Ask a Question: A TiDB Cluster Issue - The Cluster is Very Laggy and the Business Has Crashed, What Should Be the First Step?

Note:
This topic has been translated from a Chinese forum by GPT and might contain errors.

Original topic: 提一个问题 一个tidb集群的问题,集群很卡,业务已经挂掉第一步该干嘛?

| username: tidb狂热爱好者

【TiDB Usage Environment】Production Environment
【TiDB Version】6.1
【Encountered Issue】Suddenly reported that the database could not be accessed.
【Reproduction Path】What operations were performed that caused the issue
【Problem Phenomenon and Impact】
I handled two things at the time, but actually, only one was effective.
I limited the execution time of SQL, discarding any SQL operations that took more than a minute.
The database returned to normal.
In hindsight, it was still very risky.
I am specifically seeking advice from everyone.
The root cause was also analyzed later. It was a bug in the development code.
A for loop was written that kept querying a very slow SQL, gradually clogging TiDB.
【Attachments】

Please provide the version information of each component, such as cdc/tikv, which can be obtained by executing cdc version/tikv-server --version.

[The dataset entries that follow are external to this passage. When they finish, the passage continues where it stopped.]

Lemma sym_mx_min_eigenvalue H v : H^T = H -> v != 0 ->
  exists2 m, eigenvalue H m & forall w, m * dotmx w w <= qform H w.
Proof.
move=> symH v0.
pose S := [set qform H u / dotmx u u | u in [set u | u != 0]].
have S0 : S !=set0 by exists (qform H v / dotmx v v), v.
have Slb : has_lbound S.
  have [C _ boundN] := qform_bounded (- H).
  exists (- C) => _ [u /= u0 <-]; rewrite ler_pdivlMr ?dotmx_gt0 //.
  by rewrite mulNr lerNl -qformN.
have m_lb w : inf S * dotmx w w <= qform H w.
  have [->|w0] := eqVneq w 0; first by rewrite dotmx0 qform0r mulr0.
  by rewrite -ler_pdivlMr ?dotmx_gt0 //; apply: ge_inf => //; exists w.
exists (inf S) => //; apply/eigenvalueP.
have : ~~ (H - (inf S)%:M \in unitmx).
  apply/negP => unitHm.
  have symHm : (H - (inf S)%:M)^T = H - (inf S)%:M.
    by rewrite linearB /= tr_scalar_mx symH.
  have psdHm u : 0 <= qform (H - (inf S)%:M) u.
    by rewrite qform_subr_scalar subr_ge0.
  have [eps eps0 epsP] := psd_unitmx_coercive _ symHm psdHm unitHm.
  suff : inf S + eps <= inf S by rewrite gerDl leNgt eps0.
  apply: lb_le_inf => // _ [u /= u0 <-]; rewrite ler_pdivlMr ?dotmx_gt0 //.
  by have := epsP u; rewrite qform_subr_scalar mulrDl lerBrDl addrC.
rewrite unitmxE unitfE negbK => /det0P[w w0].
by rewrite mulmxBr mul_mx_scalar => /eqP; rewrite subr_eq0 => /eqP Hw; exists w.
Qed.

Lemma inf_eigenvalue_le_qform H v : H^T = H ->
  inf [set a | eigenvalue H a] * dotmx v v <= qform H v.
Proof.
move=> symH; have [->|v0] := eqVneq v 0; first by rewrite dotmx0 qform0r mulr0.
have [m eig_m m_lb] := sym_mx_min_eigenvalue _ _ symH v0.
suff -> : inf [set a | eigenvalue H a] = m by [].
have m_lbound : lbound [set a | eigenvalue H a] m.
  move=> l /eigenvalueP[w Hw w0].
  have wT0 : w^T != 0 by rewrite trmx_eq0.
  have : qform H w^T = l * dotmx w^T w^T.
    by rewrite /qform /dotmx trmxK Hw -scalemxAl mxE.
  by have := m_lb w^T => /[swap] ->; rewrite ler_pM2r ?dotmx_gt0.
apply/le_anti/andP; split; first by apply: ge_inf => //; exists m.
by apply: lb_le_inf => //; exists m.
Qed.
End MinEigenvalue.

Section ScalarBlocks.
Context {R : realType} {n : nat}.
Implicit Types (H : 'M[R]_n) (u w : 'cV[R]_n).

Definition scalar_block_mx (a b c d : R) H : 'M[R]_(n + n) :=
  block_mx a%:M b%:M b%:M (d *: H + c%:M).

Lemma scalar_block_mxZ (k a b c d : R) H :
  k *: scalar_block_mx a b c d H = scalar_block_mx (k * a) (k * b) (k * c) (k * d) H.
Proof. by rewrite /scalar_block_mx scale_block_mx scalerDr scalerA !scale_scalar_mx. Qed.

Lemma scalar_block_mxB (a b c d a' b' c' d' : R) H :
  scalar_block_mx a b c d H - scalar_block_mx a' b' c' d' H =
  scalar_block_mx (a - a') (b - b') (c - c') (d - d') H.
Proof.
rewrite /scalar_block_mx opp_block_mx add_block_mx !raddfB /= scalerBl.
by rewrite opprD addrACA.
Qed.

Lemma qform_scalar_block_mx (a b c d : R) H u w :
  qform (scalar_block_mx a b c d H) (col_mx u w) =
  a * dotmx u u + 2 * b * dotmx u w + c * dotmx w w + d * qform H w.
Proof.
rewrite qform_dotmx /scalar_block_mx mul_block_col mulmxDl !mul_scalar_mx.
rewrite -scalemxAl dotmx_col_mx !dotmxDr !dotmxZr -qform_dotmx (dotmxC w u).
ring.
Qed.

Lemma psd_scalar_block_mx (m a b c d : R) H :
  (forall w, m * dotmx w w <= qform H w) -> 0 <= a -> 0 <= d ->
  0 <= c + d * m -> b ^+ 2 <= a * (c + d * m) ->
  psd (scalar_block_mx a b c d H).
Proof.
move=> Hm a0 d0 cdm0 bac v.
suff : 0 <= qform (scalar_block_mx a b c d H) v by [].
rewrite -[v]vsubmxK qform_scalar_block_mx.
have := dotmx_quadratic_ge0 _ _ _ (usubmx v) (dsubmx v) a0 cdm0 bac.
have := ler_wpM2l d0 (Hm (dsubmx v)).
lra.
Qed.
End ScalarBlocks.

Section Coefficients.
Context {R : realFieldType} {b nu s : R}.
Hypotheses (s_ge0 : 0 <= s) (s_sqr : s ^+ 2 = (b - 1) ^+ 2 + nu ^+ 2)
  (disc_gt0 : nu ^+ 2 < 4 * b).
(* [L] is the larger root of [L ^+ 2 - 2 * (b + 1) * L + D = 0], that is
   [(L - 2) * (L - 2 * b) = nu ^+ 2]: this turns both determinant conditions
   into equalities. *)
Local Notation L := (b + 1 + s).
Local Notation D := (4 * b - nu ^+ 2).

Let b_gt0 : 0 < b.
Proof. by have := sqr_ge0 nu; move: disc_gt0; lra. Qed.

Let subr1_le : b - 1 <= s /\ 1 - b <= s.
Proof.
have : `|b - 1| <= s.
  rewrite -ler_sqr ?nnegrE ?normr_ge0 // -normrX ger0_norm ?sqr_ge0 //.
  by rewrite s_sqr lerDl sqr_ge0.
by rewrite ler_norml; lra.
Qed.

Lemma lower_coeffs (c := L^-1) :
  [/\ 0 < c, 0 <= 1 - c * 2, 0 <= 1 - 2 * b * c &
      (c * nu) ^+ 2 = (1 - c * 2) * (1 - 2 * b * c)].
Proof.
have [le_s ge_s] := subr1_le.
have b0 := b_gt0.
have L0 : 0 < L by lra.
have c0 : 0 < c by rewrite invr_gt0.
have e1 : 1 - c * 2 = c * (b - 1 + s) by rewrite /c; field; rewrite lt0r_neq0.
have e2 : 1 - 2 * b * c = c * (1 - b + s) by rewrite /c; field; rewrite lt0r_neq0.
have key : (b - 1 + s) * (1 - b + s) = nu ^+ 2.
  by apply: (addrI ((b - 1) ^+ 2)); rewrite -s_sqr; ring.
split => //.
- by rewrite e1 mulr_ge0 ?(ltW c0) //; lra.
- by rewrite e2 mulr_ge0 ?(ltW c0) //; lra.
- by rewrite e1 e2 mulrACA key; ring.
Qed.

Lemma upper_coeffs (c := L / D) :
  [/\ 0 < c, 0 <= c * 2 - 1, 0 <= 2 * b * c - 1 &
      (c * nu) ^+ 2 = (c * 2 - 1) * (2 * b * c - 1)].
Proof.
have [le_s ge_s] := subr1_le.
have D0 : 0 < D by rewrite subr_gt0.
have e1 : c * 2 - 1 = (2 * L - D) / D by rewrite /c; field; rewrite lt0r_neq0.
have e2 : 2 * b * c - 1 = (2 * b * L - D) / D by rewrite /c; field; rewrite lt0r_neq0.
have key : (2 * L - D) * (2 * b * L - D) = (L * nu) ^+ 2.
  apply/eqP; rewrite -subr_eq0.
  have -> : (2 * L - D) * (2 * b * L - D) - (L * nu) ^+ 2 =
            D * (s ^+ 2 - ((b - 1) ^+ 2 + nu ^+ 2)) by ring.
  by rewrite s_sqr subrr mulr0.
have b0 := b_gt0; have nu2_ge0 := sqr_ge0 nu.
split.
- by rewrite divr_gt0 //; lra.
- by rewrite e1 divr_ge0 ?(ltW D0) //; lra.
- by rewrite e2 divr_ge0 ?(ltW D0) //; nra.
- by rewrite e1 e2 mulf_div key /c; field; rewrite lt0r_neq0.
Qed.
End Coefficients.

| username: tidb狂热爱好者 | Original post link

Currently, the methods to restrict inefficient SQL in TiDB are still quite limited. One is to limit the execution time of SQL, and the other is to limit the memory usage of SQL. I hope everyone can share other methods.

| username: Christophe | Original post link

Check Grafana to see where the load is high.

| username: xiaohetao | Original post link

Check if there are high CPU metrics on Grafana;
Look at the dashboard to see if there are slow SQL queries. If there are slow SQL queries, continue to check the specific execution details of the SQL.